Pattern Recognition & Bioinformatics, Department of Intelligent Systems, Faculty EEMCS, Delft University of Technology, Delft, The Netherlands.
Holland Proton Therapy Center (HollandPTC), Delft, The Netherlands.
Bioinformatics. 2024 Jan 2;40(1). doi: 10.1093/bioinformatics/btad764.
Anti-cancer therapies based on synthetic lethality (SL) exploit tumour vulnerabilities for treatment with reduced side effects, by targeting a gene that is jointly essential with another whose function is lost. Computational prediction is key to expedite SL screening, yet existing methods are vulnerable to prevalent selection bias in SL data and reliant on cancer or tissue type-specific omics, which can be scarce. Notably, sequence similarity remains underexplored as a proxy for related gene function and joint essentiality.
We propose ELISL, Early-Late Integrated SL prediction with forest ensembles, using context-free protein sequence embeddings and context-specific omics from cell lines and tissue. Across eight cancer types, ELISL showed superior robustness to selection bias and recovery of known SL genes, as well as promising cross-cancer predictions. Co-occurring mutations in a BRCA gene and ELISL-predicted pairs from the HH, FGF, WNT, or NEIL gene families were associated with longer patient survival times, revealing therapeutic potential.
Data: 10.6084/m9.figshare.23607558 & Code: github.com/joanagoncalveslab/ELISL.

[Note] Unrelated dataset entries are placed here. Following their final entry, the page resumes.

(* Let $\Gamma$ be a Shilla distance-regular graph with $b(\Gamma)=b$. Then: (i) $c_2$ divides $(b-1)a_3b_2$; (ii) $c_2$ divides $(b-1)ba_3(a_3+1)$; (iii) $c_2$ divides $b(a_3+1)b_2$; (iv) $c_2$ divides $(b+a_3)b_2$, and $(b+a_3)b_2\geq (1+a_3)c_2$, with equality if and only if $p^3_{33}=0$; (v) $c_2$ divides $(b-1)bb_2$.
   Context: A connected graph $\Gamma$ of diameter $D$ is distance-regular if there are integers $b_i,c_i$ ($0\le i\le D$) such that for any two vertices $x,y$ at distance $i$, exactly $c_i$ neighbours of $y$ are at distance $i-1$ from $x$ and exactly $b_i$ neighbours of $y$ are at distance $i+1$ from $x$. Then $\Gamma$ is regular of valency $k=b_0$, and $a_i:=k-b_i-c_i$. For vertices $x,y$ at distance $i$, $p^i_{jl}$ denotes the number of vertices $z$ with $d(x,z)=j$ and $d(y,z)=l$ (independent of the choice of $x,y$). The eigenvalues of $\Gamma$ are those of its adjacency matrix; $\Gamma$ has exactly $D+1$ distinct eigenvalues $k=\theta_0>\theta_1>\dots>\theta_D$. A Shilla distance-regular graph is a distance-regular graph of diameter $3$ whose second largest eigenvalue satisfies $\theta_1=a_3$. For such graphs $k=(a_3-a_1)a_3$, and one defines $b(\Gamma):=a_3-a_1=k/a_3$. *)

From mathcomp Require Import all_boot all_order all_algebra all_field.
Set Implicit Arguments. Unset Strict Implicit. Unset Printing Implicit Defensive.
Import Order.TTheory GRing.Theory Num.Theory.

Definition simple_graph n (e : rel 'I_n) :=
  symmetric e /\ irreflexive e.

Fixpoint nbhd_within n (e : rel 'I_n) (x : 'I_n) (i : nat) : {set 'I_n} :=
  match i with
  | 0 => [set x]
  | i'.+1 => let S := nbhd_within e x i' in
             S :|: [set y | [exists z in S, e z y]]
  end.

(* graph distance: least i with y within i steps of x
   (returns n when y is unreachable; never happens in connected graphs) *)
Definition dist n (e : rel 'I_n) (x y : 'I_n) : nat :=
  find (fun i => y \in nbhd_within e x i) (iota 0 n).

Definition connected n (e : rel 'I_n) :=
  forall x y : 'I_n, exists i, y \in nbhd_within e x i.

Definition has_diameter n (e : rel 'I_n) (D : nat) :=
  (forall x y, dist e x y <= D) /\ (exists x y, dist e x y = D).

Definition distance_regular n (e : rel 'I_n) (D : nat) (b c : nat -> nat) :=
  [/\ simple_graph e, connected e, has_diameter e D &
    forall i, i <= D -> forall x y, dist e x y = i ->
      #|[set z | e y z & dist e x z == i.-1]| = c i /\
      #|[set z | e y z & dist e x z == i.+1]| = b i].

Definition valency (b : nat -> nat) := b 0.
Definition a_num (b c : nat -> nat) (i : nat) := (b 0 - b i - c i)%N.

(* p^i_{jl} evaluated at the pair (x,y) *)
Definition pnum n (e : rel 'I_n) (x y : 'I_n) (j l : nat) :=
  #|[set z | (dist e x z == j) && (dist e y z == l)]|.

Definition adjmx n (e : rel 'I_n) : 'M[algC]_n :=
  \matrix_(i, j) ((e i j)%:R)%R.

Local Open Scope ring_scope.

Definition second_largest_eigenvalue n (M : 'M[algC]_n) (t : algC) :=
  exists t0, [/\ eigenvalue M t0, eigenvalue M t, t < t0,
    (forall s, eigenvalue M s -> s <= t0) &
    (forall s, eigenvalue M s -> s != t0 -> s <= t)].

Definition shilla n (e : rel 'I_n) (b c : nat -> nat) :=
  distance_regular e 3 b c /\
  second_largest_eigenvalue (adjmx e) (a_num b c 3%N)%:R.
Section Alignment.
Variables (S : Type) (v v' : nat -> seq (letter S)).
Hypotheses (size_v : forall j, j < K -> size (v j) = q)
           (size_v' : forall j, j < K -> size (v' j) = q).

Definition shift a := (J 1 + J (q - 1 - a) + J a) %/ q.
Definition aligned a m := (shift a <= m.+1) && (m.+2 <= shift a + M).

Lemma shiftE a : a < q -> J 1 + J (q - 1 - a) + J a = shift a * q.
Proof. by move=> ha; rewrite divnK // jidx_reflect_dvd. Qed.

Lemma shift_le2 a : a < q -> shift a <= 2.
Proof.
move=> ha; rewrite -ltnS -(ltn_pmul2r q_gt0) -shiftE //.
by have := jidx_lt q_gt0 1; have := jidx_lt q_gt0 a; have := jidx_lt q_gt0 (q - 1 - a); lia.
Qed.

Lemma blocks_reflect a j : a < q -> j < K ->
  N = (a * K + j) * P + ((q - 1 - a) * K + (K - 1 - j)) * P + P.
Proof.
move=> ha hj; rewrite -mulnDl -mulSnr; congr (_ * _).
have : a.+1 * K + (q - 1 - a) * K = q * K by rewrite -mulnDl; congr (_ * _); lia.
by rewrite mulSn; lia.
Qed.

Lemma lined_up_aligned a j m : a < q -> j < K -> m < M -> aligned a m ->
  lined_up k l n v v' (J 1) (occ_seg a j m) (K - j - 1).
Proof.
move=> ha hj hm /andP[shift_le shift_ge].
set a' := q - 1 - a; set j' := K - 1 - j; set m' := shift a + M - 2 - m.
have ha' : a' < q by rewrite /a'; lia.
have hj' : j' < K by rewrite /j'; lia.
have hm' : m' < M by rewrite /m'; lia.
apply/hasP; exists (occ_seg a' j' m').
  by have /andP[] := is_occ_seg ha' hj' hm'; rewrite mem_iota.
rewrite (_ : K - j - 1 = j') ?is_occ_seg //=; last by rewrite /j'; lia.
rewrite /rplaced_start /rplaced_end size_Cn // seg_end_occ // seg_start_occ //.
rewrite seg_end_occ // seg_start_occ // (blocks_reflect ha hj) /occ_pos.
have := shiftE ha; have := jidx_lt q_gt0 1.
have : m' * q + m * q + 2 * q = shift a * q + M * q by rewrite -!mulnDl /m'; congr (_ * _); lia.
have := mulnB1Sr q l_gt0; move: (jidx_lt q_gt0 a) (jidx_lt q_gt0 a').
by rewrite -/a' -/j' => *; apply/andP; split; apply/eqP; lia.
Qed.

基于合成致死(SL)的抗癌疗法通过靶向共同必需的基因来治疗肿瘤的脆弱性,而这些基因的功能丧失。计算预测是加速 SL 筛选的关键,但现有的方法容易受到 SL 数据中普遍存在的选择偏差的影响,并且依赖于癌症或组织类型特异性的组学,而这些组学可能很稀缺。值得注意的是,序列相似性仍然作为相关基因功能和共同必需性的替代物未得到充分探索。
我们提出了 ELISL,即使用无上下文的蛋白质序列嵌入和来自细胞系和组织的上下文特定的组学进行早期-晚期综合 SL 预测的森林集成。在八种癌症类型中,ELISL 表现出对选择偏差的更强稳健性和对已知 SL 基因的恢复能力,以及有前途的跨癌预测。BRCA 基因中的共发生突变和 HH、FGF、WNT 或 NEIL 基因家族中 ELISL 预测的对与患者生存时间延长相关,揭示了治疗潜力。
数据:10.6084/m9.figshare.23607558 & 代码:github.com/joanagoncalveslab/ELISL。